Sunday, January 23, 2011

98 millionths of a second – the time for a round-trip of a NASDAQ trade order to be implemented and confirmed. Electronic trading, increasingly away from the largest traditional stock exchanges, is the how the markets work today… like massive schools of fish, turning to dive and swim in a uniform and seemingly choreographed sweep. “The N.Y.S.E. accounted for more than 70 percent of trading in N.Y.S.E.-listed stocks just five years ago. Now, the Big Board handles only 36 percent of those trades itself. The remaining market share is divided among about 12 other public exchanges, several electronic trading platforms and vast so-called unlit markets, including those known as dark pools.” New York Times, January 3rd.


Outside of the N.Y.S.E. and NASDAQ, the next two biggest such exchanges, which combined handle about 20% of the 8.5 billion in such average daily transactions, are located in northern New Jersey and Kansas City, Missouri: Direct Edge and the BATS Exchange, respectively. Stakeholders in Direct Edge include Goldman Sachs, Knight Capital, Citadel Securities, International Securities Exchange and JP Morgan. The government regulator – the Securities and Exchange Commission – has fostered the use of such electronic trading in sequential rule-making that began in the 1980s, ostensibly because that such automated trading has dramatically driven down the cost for consumers when they buy and sell stocks.


But those who have the more sophisticated computer programs and state-of-the art hardware have also created tactical advantages that smaller players simply do not have. While automated “flash trading” – where sophisticated computer programs instantaneously implement buy-sell orders based on their trend analysis without the intervention of human “decider” – has been banned, the penalties for violating this rule haven’t really been established. On the other hand, with more, smaller exchanges, the competitive playing field has been expanded, and, generally, smaller traders can function with vastly less expensive commissions and per-trade costs.


But to play in this new electronically hyper-accelerated game, the truth is that if you don’t have high-speed analytical software on the fastest computers, this is anything but a level playing field: “Even the savings of many long-term mutual fund investors are swept up in this maelstrom, when fund managers make changes in their holdings. But the exchanges are catering mostly to a different market breed — to high-frequency traders who have turned speed into a new art form. They use algorithms to zip in and out of markets, often changing orders and strategies within seconds. They make a living by being the first to react to events, dashing past slower investors — a categ ory that includes most investors — to take advantage of mispricing between stocks, for example, or differences in prices quoted across exchanges.


“One new strategy is to use powerful computers to speed-read news reports — even Twitter messages — automatically, then to let their machines interpret and trade on them… By using such techniques, traders may make only the tiniest fraction of a cent on each trade.
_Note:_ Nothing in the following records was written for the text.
(* Let $r$ and $t$ be positive integers with $r\ge 3$ and $2\le t\le \frac{r+3}{3}$, and let $n=3r-t$. If $\rho_2(K(n,r))\ge 4$, then there exists a $2$-packing $S$ of $K(n,r)$ with $|S|=4$ such that $i_x(S)\le 2$ for every $x\in[n]$.
   Context: For integers $n\ge 2r$, the Kneser graph $K(n,r)$ has as vertices the $r$-element subsets of $[n]=\{1,\dots,n\}$, two vertices being adjacent iff they are disjoint. A $2$-packing of a graph $G$ is a set of vertices pairwise at distance at least $3$ in $G$; $\rho_2(G)$ is the maximum cardinality of a $2$-packing. For a set $S$ of vertices of $K(n,r)$ and $x\in[n]$, $i_x(S)=|\{u\in S: x\in u\}|$ is the number of vertices of $S$ containing $x$. *)

From mathcomp Require Import all_boot all_order.
Set Implicit Arguments.
Unset Strict Implicit.
Unset Printing Implicit Defensive.

(* Vertices of the Kneser graph K(n,r): r-element subsets of [n],
   where [n] = {1..n} is represented by 'I_n = {0..n-1}. *)
Definition kvert (n r : nat) := {A : {set 'I_n} | #|A| == r}.

Definition kadj (n r : nat) (u v : kvert n r) : bool :=
  [disjoint val u & val v].

Definition kdist_ge3 (n r : nat) (u v : kvert n r) : bool :=
  [&& u != v, ~~ kadj u v & ~~ [exists w : kvert n r, kadj u w && kadj w v]].

Definition two_packing (n r : nat) (S : {set kvert n r}) : bool :=
  [forall u in S, forall v in S, (u != v) ==> kdist_ge3 u v].

Definition rho2_ge (n r k : nat) : Prop :=
  exists S : {set kvert n r}, two_packing S /\ k <= #|S|.

Definition i_x (n r : nat) (S : {set kvert n r}) (x : 'I_n) : nat :=
  #|[set u in S | x \in val u]|.

From mathcomp Require Import all_boot all_order zify.

(* Two r-sets of [n] have a common neighbour in K(n,r) iff their union leaves
   at least r points free, so they are at distance at least 3 iff they meet in
   c points with 0 < c < r and n + c < 3r; for n = 3r - t this means
   1 <= c <= t - 1.  By the Bonferroni inequality, four such sets force
   4r <= n + 6(t - 1), i.e. r + 6 <= 5t.  This leaves room for the following
   design: six blocks of size t - 1 indexed by the pairs of {1,2,3,4}, and four
   private blocks of size r - 3(t - 1); the i-th set is the union of the blocks
   of the pairs containing i and of the i-th private block.  Any two of these
   sets share exactly one block and every point lies in at most two of them. *)

Lemma exists_subset_card {T : finType} {A : {set T}} {k} :
  k <= #|A| -> exists2 B : {set T}, B \subset A & #|B| = k.
Proof.
rewrite -bin_gt0 -cards_draws => /card_gt0P [B].
by rewrite inE => /andP [sBA /eqP cardB]; exists B.
Qed.

Section Bonferroni.

Variable T : finType.

Lemma card_bigcup_le (I : Type) (s : seq I) (P : pred I) (F : I -> {set T}) :
  #|\bigcup_(i <- s | P i) F i| <= \sum_(i <- s | P i) #|F i|.
Proof.
elim/big_rec2: _ => [|i c U _ le_Uc]; first by rewrite cards0.
by rewrite (leq_trans (leq_card_setU _ _)) ?leq_add2l.
Qed.

Lemma sum_card_le_bigcup_pairs (k : nat) (F : nat -> {set T}) :
  \sum_(i < k) #|F i| <=
  #|\bigcup_(i < k) F i| + \sum_(i < k) \sum_(j < i) #|F i :&: F j|.
Proof.
elim: k => [|k IHk]; first by rewrite !big_ord0 cards0.
rewrite !big_ord_recr /=; set U := \bigcup_(i < k) F i in IHk *.
have capU : #|U :&: F k| <= \sum_(j < k) #|F k :&: F j|.
  have sub : U :&: F k \subset \bigcup_(j < k) (F k :&: F j).
    apply/subsetP => x /setIP [/bigcupP [j _ xFj] xFk].
    by apply/bigcupP; exists j; rewrite ?inE ?xFk.
  by apply: leq_trans (subset_leq_card sub) _; apply: card_bigcup_le.
apply: leq_trans (leq_add IHk (leqnn #|F k|)) _.
by rewrite addnAC -cardsUI -addnA leq_add2l addnC leq_add2l.
Qed.

End Bonferroni.

Lemma sum_triangle_const (k c : nat) :
  \sum_(i < k) \sum_(j < i) c = 'C(k, 2) * c.
Proof.
under eq_bigr do rewrite big_const_ord iter_addn_0.
by rewrite -big_distrr -(big_mkord xpredT (fun i => i)) bin2_sum mulnC.
Qed.

Section Kneser.

Variables n r : nat.

Lemma kadj_common_neighbourE (u v : kvert n r) :
  [exists w : kvert n r, kadj u w && kadj w v] =
  (r <= #|~: (val u :|: val v)|).
Proof.
have disjoint_union (W : {set 'I_n}) :
    [disjoint val u & W] && [disjoint W & val v] = (W \subset ~: (val u :|: val v)).
  by rewrite setCU subsetI -!disjoints_subset disjoint_sym.
apply/existsP/idP => [[w] | /exists_subset_card [W sW /eqP cardW]].
  rewrite /kadj disjoint_union => /subset_leq_card.
  by rewrite (eqP (valP w)).
by exists (exist _ W cardW); rewrite /kadj disjoint_union.
Qed.

Lemma kvert_neqE (u v : kvert n r) : (u != v) = (#|val u :&: val v| < r).
Proof.
have [cu cv] := (eqP (valP u), eqP (valP v)).
rewrite ltn_neqAle -[X in _ <= X]cu subset_leq_card ?subsetIl // andbT.
rewrite -(inj_eq val_inj); congr negb; apply/eqP/eqP => [-> | cI].
  by rewrite setIid cv.
have /eqP Iu : val u :&: val v == val u by rewrite eqEcard subsetIl cu cI leqnn.
have /eqP Iv : val u :&: val v == val v by rewrite eqEcard subsetIr cv cI leqnn.
by rewrite -Iu Iv.
Qed.

Lemma kadjE (u v : kvert n r) : kadj u v = (#|val u :&: val v| == 0).
Proof. by rewrite cards_eq0 setI_eq0. Qed.

Lemma kdist_ge3E (u v : kvert n r) :
  kdist_ge3 u v =
  [&& 0 < #|val u :&: val v|, #|val u :&: val v| < r
    & n + #|val u :&: val v| < 3 * r].
Proof.
rewrite /kdist_ge3 kvert_neqE kadjE kadj_common_neighbourE -lt0n -ltnNge.
have := cardsUI (val u) (val v); have := cardsC (val u :|: val v).
rewrite card_ord (eqP (valP u)) (eqP (valP v)) => hC hU.
have -> : (#|~: (val u :|: val v)| < r) = (n + #|val u :&: val v| < 3 * r).
  by apply/idP/idP; lia.
by rewrite andbCA.
Qed.

Lemma two_packingP {S : {set kvert n r}} {u v} :
  two_packing S -> u \in S -> v \in S -> u != v -> kdist_ge3 u v.
Proof.
move=> packS uS vS; move/forallP/(_ u): packS; rewrite uS => /forallP/(_ v).
by rewrite vS /= => /implyP.
Qed.

Lemma two_packingS {S T : {set kvert n r}} :
  T \subset S -> two_packing S -> two_packing T.
Proof.
move=> /subsetP sTS packS; apply/forallP => u; apply/implyP => uT.
apply/forallP => v; apply/implyP => vT; apply/implyP.
exact: two_packingP packS (sTS u uT) (sTS v vT).
Qed.

Lemma two_packing_card_bound (S : {set kvert n r}) : two_packing S ->
  #|S| * r <= n + 'C(#|S|, 2) * (3 * r - n).-1.
Proof.
move=> packS; pose s := [seq val u | u <- enum S]; pose F := nth set0 s.
have size_s : size s = #|S| by rewrite size_map cardE.
have uniq_s : uniq s by rewrite (map_inj_uniq val_inj) enum_uniq.
have F_in i : i < #|S| -> exists2 u, u \in S & F i = val u.
  rewrite -size_s => /(mem_nth set0) /mapP [u].
  by rewrite mem_enum => uS Fi; exists u.
have capF (i j : nat) : j < i < #|S| -> #|F i :&: F j| <= (3 * r - n).-1.
  move=> /andP [lt_ji lt_iS]; have lt_jS := ltn_trans lt_ji lt_iS.
  have [u uS Fi] := F_in i lt_iS; have [v vS Fj] := F_in j lt_jS.
  have : F i != F j by rewrite nth_uniq ?size_s // gtn_eqF.
  rewrite Fi Fj (inj_eq val_inj) => neq_uv.
  have := two_packingP packS uS vS neq_uv; rewrite kdist_ge3E -Fi -Fj => /and3P [_ _].
  lia.
have := sum_card_le_bigcup_pairs _ #|S| F.
rewrite (eq_bigr (fun=> r)) => [|i _]; last first.
  by have [u _ ->] := F_in i (ltn_ord i); apply/eqP/(valP u).
rewrite sum_nat_const card_ord => /leq_trans; apply.
rewrite -sum_triangle_const leq_add //; first by rewrite -[n in _ <= n]card_ord max_card.
by apply: leq_sum => i _; apply: leq_sum => j _; apply: capF; rewrite !ltn_ord.
Qed.

Lemma rho2_ge_bound k :
  rho2_ge n r k -> k * r <= n + 'C(k, 2) * (3 * r - n).-1.
Proof.
move=> [S [packS le_kS]]; have [T sTS cardT] := exists_subset_card le_kS.
by rewrite -cardT; apply: two_packing_card_bound; apply: two_packingS sTS packS.
Qed.

Lemma two_packing_of_family (I T : finType) (F : I -> {set T}) d :
  #|T| <= n -> (forall i, #|F i| = r) ->
  (forall i j, i != j ->
     [&& 0 < #|F i :&: F j|, #|F i :&: F j| < r & n + #|F i :&: F j| < 3 * r]) ->
  (forall x, #|[set i | x \in F i]| <= d) ->
  exists S : {set kvert n r}, [/\ two_packing S, #|S| = #|I| & forall y, i_x S y <= d].
Proof.
move=> le_Tn cardF capF degF.
pose f (x : T) : 'I_n := widen_ord le_Tn (enum_rank x).
have inj_f : injective f by move=> x y /(congr1 val) /= /val_inj; apply: enum_rank_inj.
have cardV i : #|f @: F i| == r by rewrite card_imset ?cardF.
pose V i : kvert n r := exist _ (f @: F i) (cardV i).
have distV i j : i != j -> kdist_ge3 (V i) (V j).
  move=> neq_ij; rewrite kdist_ge3E /= -imsetI ?card_imset ?capF //.
  by move=> x y _ _; apply: inj_f.
have inj_V : injective V.
  move=> i j eq_V; apply/eqP; apply: contraT => /distV.
  by rewrite eq_V /kdist_ge3 eqxx.
exists (V @: setT); split.
- apply/forallP => u; apply/implyP => /imsetP [i _ ->].
  apply/forallP => v; apply/implyP => /imsetP [j _ ->].
  by apply/implyP => neq_V; apply: distV; apply: contraNneq neq_V => ->.
- by rewrite card_imset // cardsT.
- move=> y; apply: leq_trans (_ : #|[set i | y \in f @: F i]| <= d).
    rewrite /i_x -(card_imset _ inj_V); apply: subset_leq_card.
    apply/subsetP => u; rewrite !inE => /andP [/imsetP [i _ ->] yVi].
    by apply/imsetP; exists i; rewrite ?inE.
  have [x /eqP <- | not_im] := pickP (fun x => f x == y).
    suff -> : [set i | f x \in f @: F i] = [set i | x \in F i] by apply: degF.
    by apply/setP => i; rewrite !inE mem_imset.
  rewrite (eq_card0 (A := [set i | y \in f @: F i])) // => i; rewrite inE.
  by apply/imsetP => -[x _ yx]; have := not_im x; rewrite yx eqxx.
Qed.

End Kneser.

Lemma card_sum_set (T1 T2 : finType) (A : {set T1 + T2}) :
  #|A| = #|[set y | inl y \in A]| + #|[set z | inr z \in A]|.
Proof. by rewrite -sum1_card big_sumType !sum1dep_card. Qed.

Lemma card_fst_set (T1 T2 : finType) (P : pred T1) (A : {set T1 * T2}) :
  (forall x, (x \in A) = P x.1) -> #|A| = #|[set y | P y]| * #|T2|.
Proof.
by move=> AP; rewrite -cardsT -cardsX; apply: eq_card => -[a b]; rewrite AP !inE andbT.
Qed.

Lemma card_sig_set (T : finType) (P Q : pred T) :
  #|[set x : {x | P x} | Q (val x)]| = #|[set x | P x & Q x]|.
Proof.
rewrite -(card_imset _ val_inj); apply: eq_card => x; rewrite inE.
apply/imsetP/andP => [[y] | [Px Qx]].
  by rewrite inE => Qy ->; split=> //; apply: valP.
by exists (exist _ x Px); rewrite ?inE.
Qed.

Lemma card_pairs_containing (T : finType) (i : T) :
  #|[set B : {set T} | #|B| == 2 & i \in B]| = #|T|.-1.
Proof.
have := cardsID [set B : {set T} | i \in B] [set B : {set T} | #|B| == 2].
have -> : [set B : {set T} | #|B| == 2] :&: [set B : {set T} | i \in B] =
          [set B : {set T} | #|B| == 2 & i \in B].
  by apply/setP => B; rewrite !inE.
have -> : [set B : {set T} | #|B| == 2] :\: [set B : {set T} | i \in B] =
          [set B : {set T} | B \subset [set~ i] & #|B| == 2].
  by apply/setP => B; rewrite !inE subsetC sub1set inE andbC.
rewrite cards_draws card_draws cardsC1.
have [k ->] : exists k, #|T| = k.+1.
  by exists #|T|.-1; rewrite prednK //; apply/card_gt0P; exists i.
rewrite binS bin1 /=; lia.
Qed.

Lemma card_pairs_containing2 (T : finType) (i j : T) : i != j ->
  #|[set B : {set T} | #|B| == 2 & (i \in B) && (j \in B)]| = 1.
Proof.
move=> neq_ij; apply/eqP/cards1P; exists [set i; j]; apply/setP => B; rewrite !inE.
apply/idP/eqP => [/and3P [/eqP cardB iB jB] | ->].
  apply/esym/eqP; rewrite eqEcard cards2 neq_ij cardB leqnn andbT.
  by rewrite subUset !sub1set iB jB.
by rewrite cards2 neq_ij !inE !eqxx orbT.
Qed.

Section Design.

Variables m s p : nat.

Definition design_point := (kvert m 2 * 'I_s + 'I_m * 'I_p)%type.

Definition design_owners (x : design_point) : {set 'I_m} :=
  match x with inl b => val b.1 | inr q => [set q.1] end.

Definition design_block (i : 'I_m) : {set design_point} :=
  [set x | i \in design_owners x].

Lemma card_design_point : #|{: design_point}| = 'C(m, 2) * s + m * p.
Proof.
rewrite card_sum !card_prod card_sig !card_ord -[m in 'C(m, 2)]card_ord -card_draws.
by congr (_ * _ + _); apply: eq_card => B; rewrite !inE.
Qed.

Lemma card_design_block i : #|design_block i| = m.-1 * s + p.
Proof.
rewrite card_sum_set (card_fst_set _ _ (fun B : kvert m 2 => i \in val B)); last first.
  by move=> y; rewrite !inE.
rewrite (card_fst_set _ _ (pred1 i)); last by move=> z; rewrite !inE eq_sym.
rewrite (card_sig_set _ _ (fun B : {set 'I_m} => i \in B)) card_pairs_containing.
have -> : [set k | pred1 i k] = [set i] by apply/setP => k; rewrite !inE.
by rewrite cards1 !card_ord mul1n.
Qed.

Lemma card_design_blockI i j : i != j -> #|design_block i :&: design_block j| = s.
Proof.
move=> neq_ij; rewrite card_sum_set.
pose P (B : kvert m 2) := (i \in val B) && (j \in val B).
rewrite (card_fst_set _ _ P); last first.
  by move=> y; rewrite !inE.
rewrite (card_fst_set _ _ pred0); last first.
  move=> z; rewrite !inE; apply/negbTE.
  by apply: contra neq_ij => /andP [/eqP <- /eqP <-].
rewrite (card_sig_set _ _ (fun B : {set 'I_m} => (i \in B) && (j \in B))).
have -> : [set k : 'I_m | pred0 k] = set0 by apply/setP => k; rewrite !inE.
by rewrite card_pairs_containing2 // cards0 card_ord mul1n addn0.
Qed.

Lemma design_block_degree x : #|[set i | x \in design_block i]| <= 2.
Proof.
have -> : [set i | x \in design_block i] = design_owners x.
  by apply/setP => i; rewrite !inE.
by case: x => [b | q] /=; rewrite ?cards1 // (eqP (valP b.1)).
Qed.

End Design.

Lemma design_two_packing m s p n r :
  0 < s -> 2 < m -> r = m.-1 * s + p ->
  'C(m, 2) * s + m * p <= n -> n + s < 3 * r ->
  exists S : {set kvert n r},
    [/\ two_packing S, #|S| = m & forall x, i_x S x <= 2].
Proof.
move=> s_gt0 m_gt2 def_r le_n lt_n.
have lt_sr : s < r.
  have : 2 * s <= m.-1 * s by rewrite leq_mul2r; apply/orP; right; lia.
  lia.
have := two_packing_of_family n r _ _ (design_block m s p) 2; rewrite card_ord; apply.
- by rewrite card_design_point.
- by move=> i; rewrite card_design_block.
- by move=> i j neq_ij; rewrite card_design_blockI // s_gt0 lt_sr.
- exact: design_block_degree.
Qed.

Theorem lemma4p6 (r t : nat) :
  3 <= r -> 2 <= t -> 3 * t <= r + 3 ->
  rho2_ge (3 * r - t) r 4 ->
  exists S : {set kvert (3 * r - t) r},
    [/\ two_packing S, #|S| = 4 & forall x : 'I_(3 * r - t), i_x S x <= 2].
Proof.
(* 3 <= r follows from 2 <= t and 3 * t <= r + 3. *)
move=> _ t_ge2 le_t /rho2_ge_bound.
have bin42 : 'C(4, 2) = 6 by [].
rewrite bin42 => bound.
apply: (design_two_packing 4 t.-1 (r - 3 * t.-1)); rewrite ?bin42 /=; lia.
Qed.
But multiplied many times a second over an entire day, those fractions add up to real money. According to Kevin McPartland of the TABB Group, high-frequency traders now account for 56 percent of total stock market trading. A measure of their importance is that rather than charging them commissions, som e exchanges now even pay high-frequency traders to bring orders to their machines.” NY Times.


These new exchanges have spread into commodities/derivatives groups (e.g., Globex), and some massive computer-based warehouses have chosen to locate away from New York but directly on some of the fastest fiber-linked lines in the United States. For the most part, these networks work flawlessly, even if they are providing an unfair advantage to those with special access to the systems.


But when they fail, the speed at which they can infect the entire trading community is alarming: “THE ‘flash crash,’ the harrowing plunge in share prices that shook the stock market during the afternoon of May 6 last year, crystallized the fears of some in the industry that technology was getting ahead of the regulators. In their investigation into the plunge, the S.E.C. and Commodity Futures Trading Commission found that the drop was precipitated not by a rogue high-frequency firm, but by the sale of a single $4.1 billion block of E-Mini Standard & Poor’s 500 futures contracts on the Chicago Mercantile Exchange by a mutual fund company.


“The fund company, Waddell & Reed Financial of Overland Park, Kan., conducted its sale through a computer algorithm provided by Barclays Capital, one of the many off-the shelf programs available to investors these days. The algorithm automatically dripped the billions of dollars of sell orders into the futures market over 20 minutes, continuing even as prices started to drop when other traders jumped in.” NY Times. The fact that such electronic clearinghouses are fairly centralized and obviously dependent on fiber linkage and the Web – even with safe duplicate sites “mirroring” the data stored on the main units – also makes our financial system that much more vulnerable to a terrorist attack.


On a macro-level, this electronic advantage seems to be one more piece of evidence that economic polarization is accelerating, providing further “special treatment” for those at the top of the economic ladder. We see the increasing alienation of the common man – most recently from the powerful Tea Party grassroots resentment of a government that they no longer trust giving special interests special rights and powers – and should continue to see this frustration in the coming years… a phenomenon that should provide for increasing political volatility and legislative friction.


I’m Peter Dekom, and if you an average American, prepare for a below-average life!